#### MATERIAL SHOWN

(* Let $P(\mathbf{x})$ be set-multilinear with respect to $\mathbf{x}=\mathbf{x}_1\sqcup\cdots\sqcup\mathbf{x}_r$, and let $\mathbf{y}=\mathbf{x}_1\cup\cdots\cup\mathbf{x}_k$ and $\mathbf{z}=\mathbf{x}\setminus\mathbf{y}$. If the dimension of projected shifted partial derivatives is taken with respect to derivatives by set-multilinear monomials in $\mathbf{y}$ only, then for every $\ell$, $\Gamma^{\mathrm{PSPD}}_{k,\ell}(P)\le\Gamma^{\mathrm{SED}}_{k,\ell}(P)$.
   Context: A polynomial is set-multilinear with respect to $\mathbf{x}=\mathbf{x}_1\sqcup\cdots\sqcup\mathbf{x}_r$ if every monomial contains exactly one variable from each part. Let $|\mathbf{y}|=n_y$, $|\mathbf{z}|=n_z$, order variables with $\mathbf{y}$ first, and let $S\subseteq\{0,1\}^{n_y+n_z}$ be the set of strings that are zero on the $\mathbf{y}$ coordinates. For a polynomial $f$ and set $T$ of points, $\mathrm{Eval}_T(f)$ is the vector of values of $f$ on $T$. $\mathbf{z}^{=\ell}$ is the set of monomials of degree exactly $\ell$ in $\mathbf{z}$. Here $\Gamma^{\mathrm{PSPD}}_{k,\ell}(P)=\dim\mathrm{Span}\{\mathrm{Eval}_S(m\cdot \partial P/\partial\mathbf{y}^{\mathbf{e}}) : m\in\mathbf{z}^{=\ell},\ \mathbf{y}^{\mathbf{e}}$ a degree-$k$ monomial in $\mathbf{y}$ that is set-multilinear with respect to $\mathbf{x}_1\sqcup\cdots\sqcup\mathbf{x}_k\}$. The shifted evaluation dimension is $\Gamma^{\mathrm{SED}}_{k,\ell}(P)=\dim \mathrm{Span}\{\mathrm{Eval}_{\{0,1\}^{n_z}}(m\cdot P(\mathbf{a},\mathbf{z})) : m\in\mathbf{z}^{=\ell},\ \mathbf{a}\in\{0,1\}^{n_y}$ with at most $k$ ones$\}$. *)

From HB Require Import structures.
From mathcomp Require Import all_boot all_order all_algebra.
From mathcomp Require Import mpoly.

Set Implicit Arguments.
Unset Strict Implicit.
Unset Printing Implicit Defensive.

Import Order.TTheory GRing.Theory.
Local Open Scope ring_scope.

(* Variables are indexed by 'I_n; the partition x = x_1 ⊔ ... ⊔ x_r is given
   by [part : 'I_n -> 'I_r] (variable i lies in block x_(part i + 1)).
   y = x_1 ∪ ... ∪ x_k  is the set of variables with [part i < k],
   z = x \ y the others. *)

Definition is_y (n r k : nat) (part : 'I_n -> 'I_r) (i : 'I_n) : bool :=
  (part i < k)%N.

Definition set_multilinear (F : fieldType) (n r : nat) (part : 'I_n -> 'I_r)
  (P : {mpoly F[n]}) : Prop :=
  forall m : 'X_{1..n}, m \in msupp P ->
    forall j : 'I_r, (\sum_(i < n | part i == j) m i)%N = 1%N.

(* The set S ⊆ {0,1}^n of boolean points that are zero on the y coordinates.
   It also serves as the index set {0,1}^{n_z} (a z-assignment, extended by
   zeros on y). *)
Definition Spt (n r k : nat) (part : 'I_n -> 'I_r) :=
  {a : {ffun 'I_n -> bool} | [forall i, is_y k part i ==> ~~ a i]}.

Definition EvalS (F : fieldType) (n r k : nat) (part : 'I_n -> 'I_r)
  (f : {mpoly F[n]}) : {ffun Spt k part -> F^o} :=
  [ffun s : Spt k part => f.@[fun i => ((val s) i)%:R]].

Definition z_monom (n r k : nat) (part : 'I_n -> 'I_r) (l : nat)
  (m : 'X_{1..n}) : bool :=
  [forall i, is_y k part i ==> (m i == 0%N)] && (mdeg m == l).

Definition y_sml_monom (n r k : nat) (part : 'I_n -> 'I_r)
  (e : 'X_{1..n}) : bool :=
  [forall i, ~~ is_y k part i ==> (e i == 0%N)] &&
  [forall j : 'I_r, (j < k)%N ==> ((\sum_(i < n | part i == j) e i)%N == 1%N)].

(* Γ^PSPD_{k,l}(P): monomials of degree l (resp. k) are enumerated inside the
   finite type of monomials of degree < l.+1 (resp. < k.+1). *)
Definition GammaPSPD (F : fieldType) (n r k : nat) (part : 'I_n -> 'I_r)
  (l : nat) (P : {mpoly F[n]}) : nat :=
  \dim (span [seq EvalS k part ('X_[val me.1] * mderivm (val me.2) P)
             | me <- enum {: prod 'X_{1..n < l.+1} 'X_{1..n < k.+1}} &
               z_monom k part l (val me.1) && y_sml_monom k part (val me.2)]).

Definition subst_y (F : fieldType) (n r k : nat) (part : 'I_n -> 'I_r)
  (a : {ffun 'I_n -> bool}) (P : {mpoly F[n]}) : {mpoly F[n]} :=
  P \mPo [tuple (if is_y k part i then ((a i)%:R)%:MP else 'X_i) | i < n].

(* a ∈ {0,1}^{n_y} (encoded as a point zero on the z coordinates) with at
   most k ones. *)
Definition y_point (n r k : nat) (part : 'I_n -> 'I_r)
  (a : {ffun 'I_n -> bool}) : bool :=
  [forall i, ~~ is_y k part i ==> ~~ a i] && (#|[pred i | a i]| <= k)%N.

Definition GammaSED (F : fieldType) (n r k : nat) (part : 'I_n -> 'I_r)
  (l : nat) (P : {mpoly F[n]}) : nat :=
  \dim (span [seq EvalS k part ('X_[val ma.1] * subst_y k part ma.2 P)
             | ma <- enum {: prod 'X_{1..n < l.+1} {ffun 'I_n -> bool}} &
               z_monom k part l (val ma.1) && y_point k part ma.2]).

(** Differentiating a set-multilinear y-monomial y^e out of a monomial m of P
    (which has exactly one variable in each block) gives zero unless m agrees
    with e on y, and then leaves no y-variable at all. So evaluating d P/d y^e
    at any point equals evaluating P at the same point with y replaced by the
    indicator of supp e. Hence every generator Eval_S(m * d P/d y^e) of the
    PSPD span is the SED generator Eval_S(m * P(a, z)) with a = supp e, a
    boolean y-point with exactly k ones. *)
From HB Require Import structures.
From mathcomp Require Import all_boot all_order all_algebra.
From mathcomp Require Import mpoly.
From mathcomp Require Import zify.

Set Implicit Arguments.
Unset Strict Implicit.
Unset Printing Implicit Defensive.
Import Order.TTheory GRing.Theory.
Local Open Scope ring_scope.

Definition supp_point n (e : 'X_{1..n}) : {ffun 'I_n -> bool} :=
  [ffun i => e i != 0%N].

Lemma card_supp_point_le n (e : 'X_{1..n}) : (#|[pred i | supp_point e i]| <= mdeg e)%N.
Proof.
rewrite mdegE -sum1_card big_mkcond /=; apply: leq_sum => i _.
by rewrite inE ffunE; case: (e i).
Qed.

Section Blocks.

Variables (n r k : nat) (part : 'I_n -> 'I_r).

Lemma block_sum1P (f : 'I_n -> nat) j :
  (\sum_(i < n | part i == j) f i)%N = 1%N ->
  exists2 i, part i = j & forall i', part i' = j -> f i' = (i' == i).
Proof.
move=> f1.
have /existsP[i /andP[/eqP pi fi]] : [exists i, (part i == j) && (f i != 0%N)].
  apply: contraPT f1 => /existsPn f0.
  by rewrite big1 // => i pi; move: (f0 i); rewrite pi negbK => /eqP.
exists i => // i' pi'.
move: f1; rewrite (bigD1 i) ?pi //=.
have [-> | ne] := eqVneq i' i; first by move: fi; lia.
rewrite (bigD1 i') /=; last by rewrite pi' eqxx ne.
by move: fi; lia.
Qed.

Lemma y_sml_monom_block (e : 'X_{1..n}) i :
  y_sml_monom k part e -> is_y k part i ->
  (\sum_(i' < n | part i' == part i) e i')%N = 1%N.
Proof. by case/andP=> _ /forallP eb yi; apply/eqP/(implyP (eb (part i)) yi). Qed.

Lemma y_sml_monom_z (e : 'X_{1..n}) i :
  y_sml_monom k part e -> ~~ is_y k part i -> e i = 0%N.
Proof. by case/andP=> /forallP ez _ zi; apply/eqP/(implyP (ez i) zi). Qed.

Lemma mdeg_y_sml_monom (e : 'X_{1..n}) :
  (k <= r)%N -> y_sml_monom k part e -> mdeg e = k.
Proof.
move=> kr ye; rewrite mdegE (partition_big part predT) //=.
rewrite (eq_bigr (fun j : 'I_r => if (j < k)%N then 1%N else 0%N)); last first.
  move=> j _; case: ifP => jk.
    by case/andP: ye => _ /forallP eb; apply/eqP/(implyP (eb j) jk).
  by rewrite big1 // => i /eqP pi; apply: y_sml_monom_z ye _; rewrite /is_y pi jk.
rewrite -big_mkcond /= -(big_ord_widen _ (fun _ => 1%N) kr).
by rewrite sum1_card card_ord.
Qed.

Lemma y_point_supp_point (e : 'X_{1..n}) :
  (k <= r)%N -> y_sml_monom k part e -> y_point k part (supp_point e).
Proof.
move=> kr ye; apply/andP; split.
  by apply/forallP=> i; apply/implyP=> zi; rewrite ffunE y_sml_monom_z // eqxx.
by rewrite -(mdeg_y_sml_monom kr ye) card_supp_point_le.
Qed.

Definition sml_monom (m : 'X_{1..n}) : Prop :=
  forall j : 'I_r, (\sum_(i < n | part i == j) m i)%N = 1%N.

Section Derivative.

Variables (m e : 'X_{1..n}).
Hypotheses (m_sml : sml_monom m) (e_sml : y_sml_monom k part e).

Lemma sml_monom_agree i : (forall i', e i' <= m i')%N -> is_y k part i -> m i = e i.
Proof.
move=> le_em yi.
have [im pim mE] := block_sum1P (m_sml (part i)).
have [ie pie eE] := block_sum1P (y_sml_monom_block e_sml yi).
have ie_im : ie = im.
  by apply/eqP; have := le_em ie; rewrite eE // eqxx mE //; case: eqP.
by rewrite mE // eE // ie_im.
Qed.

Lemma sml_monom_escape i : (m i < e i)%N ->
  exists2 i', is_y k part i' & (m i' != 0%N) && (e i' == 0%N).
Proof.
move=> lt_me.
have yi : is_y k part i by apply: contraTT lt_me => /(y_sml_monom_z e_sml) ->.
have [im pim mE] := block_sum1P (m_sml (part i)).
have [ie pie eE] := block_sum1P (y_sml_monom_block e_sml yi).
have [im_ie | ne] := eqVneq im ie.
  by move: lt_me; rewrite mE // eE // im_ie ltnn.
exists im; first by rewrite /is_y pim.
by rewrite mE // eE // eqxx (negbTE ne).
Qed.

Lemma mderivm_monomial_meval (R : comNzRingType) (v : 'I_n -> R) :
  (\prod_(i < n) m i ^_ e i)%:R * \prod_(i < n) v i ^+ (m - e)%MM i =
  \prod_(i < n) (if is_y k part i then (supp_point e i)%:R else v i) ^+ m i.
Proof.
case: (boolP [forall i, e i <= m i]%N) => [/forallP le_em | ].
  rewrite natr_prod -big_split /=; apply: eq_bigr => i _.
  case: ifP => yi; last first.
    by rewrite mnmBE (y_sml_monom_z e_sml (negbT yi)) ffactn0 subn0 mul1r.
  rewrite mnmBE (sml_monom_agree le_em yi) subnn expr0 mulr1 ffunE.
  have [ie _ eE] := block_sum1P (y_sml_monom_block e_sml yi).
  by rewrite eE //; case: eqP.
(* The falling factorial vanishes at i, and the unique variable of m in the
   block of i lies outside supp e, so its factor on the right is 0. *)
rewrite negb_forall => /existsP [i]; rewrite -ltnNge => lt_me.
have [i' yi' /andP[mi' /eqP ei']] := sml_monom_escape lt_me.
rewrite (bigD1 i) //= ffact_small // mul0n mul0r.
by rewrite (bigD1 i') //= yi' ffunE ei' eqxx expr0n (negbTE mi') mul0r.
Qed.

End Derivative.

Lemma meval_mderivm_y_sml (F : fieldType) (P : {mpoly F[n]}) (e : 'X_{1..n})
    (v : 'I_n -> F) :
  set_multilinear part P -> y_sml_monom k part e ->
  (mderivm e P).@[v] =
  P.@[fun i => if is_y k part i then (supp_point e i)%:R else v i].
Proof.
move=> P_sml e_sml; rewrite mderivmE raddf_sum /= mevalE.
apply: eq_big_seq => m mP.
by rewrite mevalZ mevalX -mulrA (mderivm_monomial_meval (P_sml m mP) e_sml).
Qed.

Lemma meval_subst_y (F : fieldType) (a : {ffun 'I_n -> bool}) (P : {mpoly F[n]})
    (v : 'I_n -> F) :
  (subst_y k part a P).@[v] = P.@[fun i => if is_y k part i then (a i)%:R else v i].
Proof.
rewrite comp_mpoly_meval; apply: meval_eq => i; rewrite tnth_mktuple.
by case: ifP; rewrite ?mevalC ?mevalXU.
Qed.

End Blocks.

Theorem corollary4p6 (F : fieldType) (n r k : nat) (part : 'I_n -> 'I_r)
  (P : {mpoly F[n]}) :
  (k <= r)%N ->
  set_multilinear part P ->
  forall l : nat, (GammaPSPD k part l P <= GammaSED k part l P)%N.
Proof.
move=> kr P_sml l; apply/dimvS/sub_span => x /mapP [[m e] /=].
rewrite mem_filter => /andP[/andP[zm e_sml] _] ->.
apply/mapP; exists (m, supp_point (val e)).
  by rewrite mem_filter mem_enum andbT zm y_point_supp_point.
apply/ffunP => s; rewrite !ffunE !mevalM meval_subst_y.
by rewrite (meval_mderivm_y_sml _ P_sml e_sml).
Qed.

########

Transcribe the records above exactly, beginning at the line that contains "[ffun s : Spt" and ending with the line that contains "Definition subst_y (F", both included, and nothing else.

  [ffun s : Spt k part => f.@[fun i => ((val s) i)%:R]].

Definition z_monom (n r k : nat) (part : 'I_n -> 'I_r) (l : nat)
  (m : 'X_{1..n}) : bool :=
  [forall i, is_y k part i ==> (m i == 0%N)] && (mdeg m == l).

Definition y_sml_monom (n r k : nat) (part : 'I_n -> 'I_r)
  (e : 'X_{1..n}) : bool :=
  [forall i, ~~ is_y k part i ==> (e i == 0%N)] &&
  [forall j : 'I_r, (j < k)%N ==> ((\sum_(i < n | part i == j) e i)%N == 1%N)].

(* Γ^PSPD_{k,l}(P): monomials of degree l (resp. k) are enumerated inside the
   finite type of monomials of degree < l.+1 (resp. < k.+1). *)
Definition GammaPSPD (F : fieldType) (n r k : nat) (part : 'I_n -> 'I_r)
  (l : nat) (P : {mpoly F[n]}) : nat :=
  \dim (span [seq EvalS k part ('X_[val me.1] * mderivm (val me.2) P)
             | me <- enum {: prod 'X_{1..n < l.+1} 'X_{1..n < k.+1}} &
               z_monom k part l (val me.1) && y_sml_monom k part (val me.2)]).

Definition subst_y (F : fieldType) (n r k : nat) (part : 'I_n -> 'I_r)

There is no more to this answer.